Here’s another way to think about philanthropy. Consider what it takes for someone to be charitable. To engage in philanthropy requires a country where wealth creation is encouraged and widespread. It requires a government that allows people to congregate together and create their own kinds of organizations that meet their community needs. Essentially, philanthropy is an expression of basic human rights and freedom. It strengthens the ideas of justice, ethics, and democracy. These aren’t just flowery words—philanthropy is a real and concrete way we support a free and engaged society.

Illustration showing that 100 celebrations take place on National Philanthropy Day, with 50,000 people taking part.

In a typical year, more than 50,000 people would come together in more than 100 National Philanthropy Day celebrations held by AFP chapters across North America, recognizing generous and committed donors, volunteers, businesses, foundations, and young people involved in philanthropy. Of course, with the pandemic, this is not a typical year. National Philanthropy Day celebrations are being held virtually this year, and you can find local celebrations across North America here. In addition, AFP Global is holding a great online event on November 12. I encourage you to check it out and attend. 
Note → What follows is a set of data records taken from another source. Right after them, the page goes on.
Lemma Rsum_delta n j c : (j < n)%nat -> Rsum n (fun i => if (i =? j)%nat then c else 0) = c.
Proof.
  induction n; intros H; simpl; [lia|].
  destruct (Nat.eqb_spec n j) as [->|Hnj].
  - rewrite Rsum_eq0; [ring|]. intros i Hi. destruct (Nat.eqb_spec i j); [lia|auto].
  - rewrite IHn by lia. ring.
Qed.

Lemma Rsum_split_at n i0 F : (i0 < n)%nat ->
  Rsum n F = F i0 + Rsum n (fun i => if (i =? i0)%nat then 0 else F i).
Proof.
  intros H. rewrite <- (Rsum_delta n i0 (F i0)) by auto. rewrite <- Rsum_plus.
  apply Rsum_ext. intros i _. destruct (Nat.eqb_spec i i0) as [->|]; ring.
Qed.

Lemma Rsum_term_le n F j : (forall i, (i < n)%nat -> 0 <= F i) -> (j < n)%nat -> F j <= Rsum n F.
Proof.
  intros H Hj. rewrite (Rsum_split_at n j F Hj).
  enough (0 <= Rsum n (fun i => if (i =? j)%nat then 0 else F i)) by lra.
  apply Rsum_ge0. intros i Hi. destruct (i =? j)%nat; [lra|auto].
Qed.

Lemma Rabs_Rsum n F : Rabs (Rsum n F) <= Rsum n (fun i => Rabs (F i)).
Proof.
  induction n; simpl; [rewrite Rabs_R0; lra|].
  eapply Rle_trans; [apply Rabs_triang|]. lra.
Qed.

Lemma Rsum_blocks M K F : Rsum (M * K) F = Rsum M (fun k => Rsum K (fun j => F (k * K + j)%nat)).
Proof. induction M; simpl; [reflexivity|]. rewrite Nat.add_comm, Rsum_add_range, IHM. reflexivity. Qed.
Given the type of year it’s been, you might be wondering how you can encourage people to get involved and be a philanthropist despite the pandemic. Here are a few ideas.
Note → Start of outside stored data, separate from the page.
Lemma skord1_id : skord n f = 1 -> forall x, x < n -> f x = x.
Proof. by move=> r1 x lt_xn; rewrite -[f x]/(iter 1 f x) iter_skord_mod // r1. Qed.

Lemma eq_iter_skord i j :
  (forall x, x < n -> iter i f x = iter j f x) -> i = j %[mod skord n f].
Proof.
move=> eq_ij; apply/eqP; rewrite skord_order -eq_expg_mod_order.
by apply/eqP; apply/permP => x; apply: val_inj; rewrite !fpermX eq_ij.
Qed.

End NatPerm.

Definition sksum n f j a := \sum_(i < j) skpi n f (iter i f a).

Lemma sksumS n f j a : sksum n f j.+1 a = sksum n f j a + skpi n f (iter j f a).
Proof. by rewrite /sksum big_ord_recr. Qed.

Lemma sksumD n f j k a :
  sksum n f (j + k) a = sksum n f j a + sksum n f k (iter j f a).
Proof.
rewrite /sksum big_split_ord; congr (_ + _); apply: eq_bigr => i _.
by rewrite /= addnC iterD.
Qed.

Lemma derivedE n f a : derived n f a = sksum n f a (1 %% n) %% skord n f.
Proof. by []. Qed.

Lemma derived_lt n f a : derived n f a < skord n f.
Proof. exact: ltn_pmod. Qed.

Section SkewMorphism.

Variables (n : nat) (f : nat -> nat).
Hypothesis fS : is_skew n f.

Local Notation r := (skord n f).
Local Notation f' := (derived n f).

Let n_gt0 : 0 < n. Proof. by case: fS. Qed.
Let f_lt : forall x, x < n -> f x < n. Proof. by case: fS. Qed.
Let f0 : f 0 = 0. Proof. by case: fS. Qed.
Let fP : nat_perm n f. Proof. exact: skew_nat_perm. Qed.
Let iter_lt k x : x < n -> iter k f x < n. Proof. exact: iter_ltn. Qed.

Lemma skew_at0_id y : y < n -> skew_at n f y 0 -> forall x, x < n -> f x = x.
Proof.
move=> lt_yn /skew_atP /= f_shift.
have y_ny : y + (n - y) = n by rewrite subnKC // ltnW.
have shift x : x < n -> (y + (x + (n - y)) %% n) %% n = x.
  by move=> lt_xn; rewrite modnDmr addnCA y_ny modnDr modn_small.
have fy : f y = y.
  have := f_shift _ (ltn_pmod (0 + (n - y)) n_gt0).
  rewrite shift // f0 modnDmr add0n => e0.
  have : f y + (n - y) == y + (n - y) %[mod n] by rewrite y_ny modnn -e0.
  by rewrite eqn_modDr !modn_small ?f_lt // => /eqP.
by move=> x lt_xn; rewrite -{1}(shift x lt_xn) f_shift ?ltn_pmod // fy shift.
Qed.

Lemma skpiP y : y < n -> skew_at n f y (skpi n f y).
Proof.
move=> lt_yn; rewrite /skpi; case: eqP => [r1 | r_neq1].
  have f_id := skord1_id fP r1.
  by apply/skew_atP => b lt_bn /=; rewrite !f_id ?ltn_pmod.
have [i fi] : exists i, skew_at n f y i by case: fS => _ _ _ _; apply.
have fi_mod : skew_at n f y (i %% r).
  by apply/skew_atP => b lt_bn; rewrite -iter_skord_mod //; apply/skew_atP.
(* Exponent 0 would make f a translation fixing 0, i.e. the identity, so r = 1. *)
have i_gt0 : 0 < i %% r.
  rewrite lt0n; apply/eqP => i0; apply: r_neq1.
  have f_id := skew_at0_id lt_yn (etrans (congr1 _ (esym i0)) fi_mod).
  have := eq_iter_skord fP (i := 1) (j := 0) f_id; rewrite mod0n => r_dvd1.
  by apply/eqP; rewrite -dvdn1; apply/eqP.
set s := [seq j <- iota 1 r.-1 | skew_at n f y j].
have i_in : i %% r \in s.
  by rewrite mem_filter fi_mod mem_iota i_gt0 add1n prednK // ltn_pmod.
have /(mem_nth 0) : 0 < size s by case: s i_in.
by rewrite mem_filter => /andP[].
Qed.

Lemma skew_at_uniq y i j :
  y < n -> skew_at n f y i -> skew_at n f y j -> i = j %[mod r].
Proof.
move=> lt_yn /skew_atP fi /skew_atP fj; apply: (eq_iter_skord fP) => x lt_xn.
by apply: (@modn_addl_inj n (f y)); rewrite ?iter_lt // -fi // -fj.
Qed.

Lemma iter_skew_sum j a b : a < n -> b < n ->
  iter j f ((a + b) %% n) = (iter j f a + iter (sksum n f j a) f b) %% n.
Proof.
move=> lt_an lt_bn; elim: j => [|j IHj]; first by rewrite /sksum big_ord0.
rewrite !iterS IHj; move/skew_atP: (skpiP (iter_lt j lt_an)) => ->; last exact: iter_lt.
by rewrite -iterD sksumS (addnC (sksum _ _ _ _)).
Qed.

Lemma skpi0 : skpi n f 0 = 1 %[mod r].
Proof.
apply: (eq_iter_skord fP) => x lt_xn.
move/skew_atP: (skpiP n_gt0) => /(_ x lt_xn).
by rewrite add0n f0 add0n !modn_small ?iter_lt ?f_lt // => <-.
Qed.

Lemma sksum0 j : sksum n f j 0 = j %[mod r].
Proof.
have -> : sksum n f j 0 = j * skpi n f 0.
  rewrite /sksum (eq_bigr (fun=> skpi n f 0)) ?sum_nat_const ?card_ord // => i _.
  by rewrite iter_fix.
by rewrite -modnMmr skpi0 modnMmr muln1.
Qed.

Lemma sksum_skord a : a < n -> sksum n f r a = 0 %[mod r].
Proof.
move=> lt_an; apply: (eq_iter_skord fP) => b lt_bn /=.
apply: (@modn_addl_inj n a); rewrite ?iter_lt //.
by have := iter_skew_sum r lt_an lt_bn; rewrite !iter_skord ?ltn_pmod // => ->.
Qed.

Lemma sksum_mod j a : a < n -> sksum n f j a = sksum n f (j %% r) a %[mod r].
Proof.
move=> lt_an; rewrite {1}(divn_eq j r) addnC.
elim: (j %/ r) => [|q IHq]; first by rewrite mul0n addn0.
rewrite mulSnr addnA sksumD -modnDmr sksum_skord ?iter_lt //.
by rewrite mod0n addn0.
Qed.

Lemma sksum_add j a b : a < n -> b < n ->
  sksum n f j ((a + b) %% n) = sksum n f (sksum n f j a) b %[mod r].
Proof.
move=> lt_an lt_bn; apply: (eq_iter_skord fP) => c lt_cn.
have lt_ab := ltn_pmod (a + b) n_gt0; have lt_bc := ltn_pmod (b + c) n_gt0.
have assoc : (a + (b + c) %% n) %% n = ((a + b) %% n + c) %% n.
  by rewrite modnDml modnDmr addnA.
have := iter_skew_sum j lt_an lt_bc.
rewrite assoc (iter_skew_sum j lt_ab lt_cn) (iter_skew_sum j lt_an lt_bn).
rewrite (iter_skew_sum _ lt_bn lt_cn) modnDml modnDmr addnA.
by move/modn_addl_inj; apply; rewrite iter_lt.
Qed.

Lemma sksum_derived k x : x < n -> sksum n f k x %% r = iter x f' (k %% r).
Proof.
elim: x k => [|x IHx] k lt_xn; first exact: sksum0.
have n_gt1 : 1 < n := leq_ltn_trans (ltn0Sn x) lt_xn.
have := sksum_add k (ltnW lt_xn) (ltn_pmod 1 n_gt0).
rewrite (modn_small n_gt1) addn1 (modn_small lt_xn) => ->.
by rewrite sksum_mod ?ltn_pmod // IHx 1?ltnW // iterS derivedE (modn_small n_gt1).
Qed.

Lemma iter_skew_derived j a b : a < n -> b < n ->
  iter j f ((a + b) %% n) = (iter j f a + iter (iter a f' (j %% r)) f b) %% n.
Proof.
move=> lt_an lt_bn.
by rewrite iter_skew_sum // (iter_skord_mod fP _ lt_bn) sksum_derived.
Qed.

Lemma iter_derived_n k : k < r -> iter n f' k = k.
Proof.
move=> lt_kr; have lt_n1 : n.-1 < n by rewrite prednK.
have := sksum_add k lt_n1 (ltn_pmod 1 n_gt0).
rewrite modnDmr addn1 prednK // modnn sksum0 (modn_small lt_kr).
rewrite sksum_mod ?ltn_pmod // (sksum_derived k lt_n1) (modn_small lt_kr).
by rewrite -derivedE -iterS prednK.
Qed.

Lemma derived_skew_at a : a < r -> skew_at r f' a (iter a f (1 %% n)).
Proof.
move=> lt_ar; apply/skew_atP => k lt_kr.
have lt_1a : iter a f (1 %% n) < n by rewrite iter_lt ?ltn_pmod.
rewrite derivedE -sksum_mod ?ltn_pmod // sksumD -modnDml -modnDmr.
by rewrite (sksum_derived k lt_1a) (modn_small lt_kr) -derivedE.
Qed.

Lemma derived_is_skew : is_skew r f'.
Proof.
split=> // [x _ | x y lt_xr lt_yr eq_xy | | a lt_ar].
- exact: derived_lt.
- have := congr1 (iter n.-1 f') eq_xy.
  by rewrite -!iterSr prednK // !iter_derived_n.
- by rewrite derivedE /sksum big_ord0.
by exists (iter a f (1 %% n)); apply: derived_skew_at.
Qed.

Lemma skord_derived_dvdn : skord r f' %| n.
Proof.
have f'P := skew_nat_perm derived_is_skew.
have := eq_iter_skord f'P (i := n) (j := 0) (fun x lt_xr => iter_derived_n lt_xr).
by rewrite mod0n => /eqP.
Qed.

Lemma skewE_sum a : a < n -> f a = (\sum_(i < a) iter (skpi n f i) f (1 %% n)) %% n.
Proof.
elim: a => [|a IHa] lt_an; first by rewrite big_ord0 mod0n.
have n_gt1 : 1 < n := leq_ltn_trans (ltn0Sn a) lt_an.
move/skew_atP: (skpiP (ltnW lt_an)) => /(_ _ n_gt1).
rewrite (modn_small n_gt1) addn1 (modn_small lt_an) => ->.
by rewrite big_ord_recr /= IHa 1?ltnW // modnDml (modn_small n_gt1).
Qed.

End SkewMorphism.

Section SecondDerived.

Variables (n : nat) (f : nat -> nat).
Hypothesis fS : is_skew n f.

Local Notation r := (skord n f).
Local Notation f' := (derived n f).
Local Notation m := (skord r f').
Local Notation f'' := (derived r f').
(* Let $\mathfrak{k}$ be a field, $n\ge2$, $r_1,\dots,r_n$ positive integers, and ${\mathcal A}=(x_{i_1\ldots i_n})_{1\le i_j\le r_j}$ a box-shaped matrix of distinct indeterminates with polynomial ring $\mathfrak{k}[{\mathcal A}]$. For $l=1,\dots,n$ let $I_l=I_2({\mathcal A}_l)\mathfrak{k}[{\mathcal A}]+(x_{i_1\ldots i_n}: i_l=r_l)$, where ${\mathcal A}_l$ is the sub-box-shaped matrix of entries with $i_l<r_l$. Then $\bigcap_{l=1}^n I_l=I_2({\mathcal A})+(x_{r_1\ldots r_n})$.
   Context: $\mathfrak{k}$ is algebraically closed of characteristic $0$. The $2\times2$ minors of a box-shaped matrix $(a_{i_1\ldots i_n})$ are the elements $a_{i_1\ldots i_l\ldots i_n}a_{j_1\ldots j_l\ldots j_n}-a_{i_1\ldots i_{l-1}j_li_{l+1}\ldots i_n}a_{j_1\ldots j_{l-1}i_lj_{l+1}\ldots j_n}$ for any coordinate $l$ and any two index points; $I_2(\cdot)$ denotes the ideal they generate. *)

From HB Require Import structures.
From mathcomp Require Import all_boot all_order all_algebra.
From mathcomp Require Import mpoly.
Set Implicit Arguments. Unset Strict Implicit. Unset Printing Implicit Defensive.
Import GRing.Theory.
Local Open Scope ring_scope.

(* Index points of an n-dimensional box r_1 x ... x r_n, 0-indexed:
   a point is a function p : 'I_n -> nat with p j < r j. *)
Definition boxM (n : nat) (r : 'I_n -> nat) : nat := (\max_(j < n) r j)%N.

Definition box (n : nat) (r : 'I_n -> nat) : predArgType :=
  {p : {ffun 'I_n -> 'I_(boxM r)} | [forall j, (p j < r j)%N]}.

Definition coord n (r : 'I_n -> nat) (p : box r) (j : 'I_n) : nat := val p j.

Definition swapc n (r : 'I_n -> nat) (l : 'I_n) (a b : box r) : box r :=
  insubd a [ffun j => if j == l then val b j else val a j].

Definition polyA (k : fieldType) n (r : 'I_n -> nat) := {mpoly k[#|box r|]}.

Definition xA (k : fieldType) n (r : 'I_n -> nat) (p : box r) : polyA k r :=
  'X_(enum_rank p).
  • Encourage people to plan their giving. By taking a little time to determine which organizations they want to support and when/how much they’ll give, people can feel more comfortable in their giving—and know it’s having the maximum impact.

  • Spread awareness that their employer may match their gift. Not all employers do so, or they may only match a portion of the gift, but it doesn’t hurt for people to find out, and it may be an easy way for them to double their impact. Some employers might offer employees time off to volunteer as well.

  • Highlight that people can ask for charitable contributions instead of gifts for their birthday or other special event. Many donors use social media to explain why they’re asking people to make contributions to their favorite nonprofit, and some platforms, such as Facebook and Instagram, even allow people to donate directly via the platform.

  • Promote payroll giving, or giving a little bit each month. A $100 gift might sound like a lot at one time, but what if donors gave a little part of that each month? A small $10 per month is a $120 annual gift to their favorite cause. They may be able to have that amount come directly out of each paycheck, or just set aside a little bit each month.

  • Spotlight giving circles. Donors can get their friends together, discuss common interests, agree to a certain amount each person gives to the circle, and then determine which nonprofits will receive the pooled gift. Informal yet focused giving circles are a great way to bring friends together and dramatically increase the impact of individual philanthropy.

  • Request donations of clothing and other goods (if you or an organization you partner with takes them). Clothing and other goods, including furniture, electronics, appliances, and linens, are ALWAYS needed—as are donations of food. People tend to give food during the holidays season, but local shelters and nonprofits need food donations all the time. When your supporters are out shopping, encourage them to buy a couple of extra items!

Your supporters probably have their own ideas for giving, too. Whatever it is they decide to do, make sure they know that their involvement will mean a world of difference for someone—and by extension, for their community, our society, and our world.

As we celebrate National Philanthropy Day this month, I want to thank you for getting involved in the nonprofit sector. Your efforts count. Your work is powerful. Everyone can be a philanthropist, and everyone’s philanthropy makes a huge difference in the world.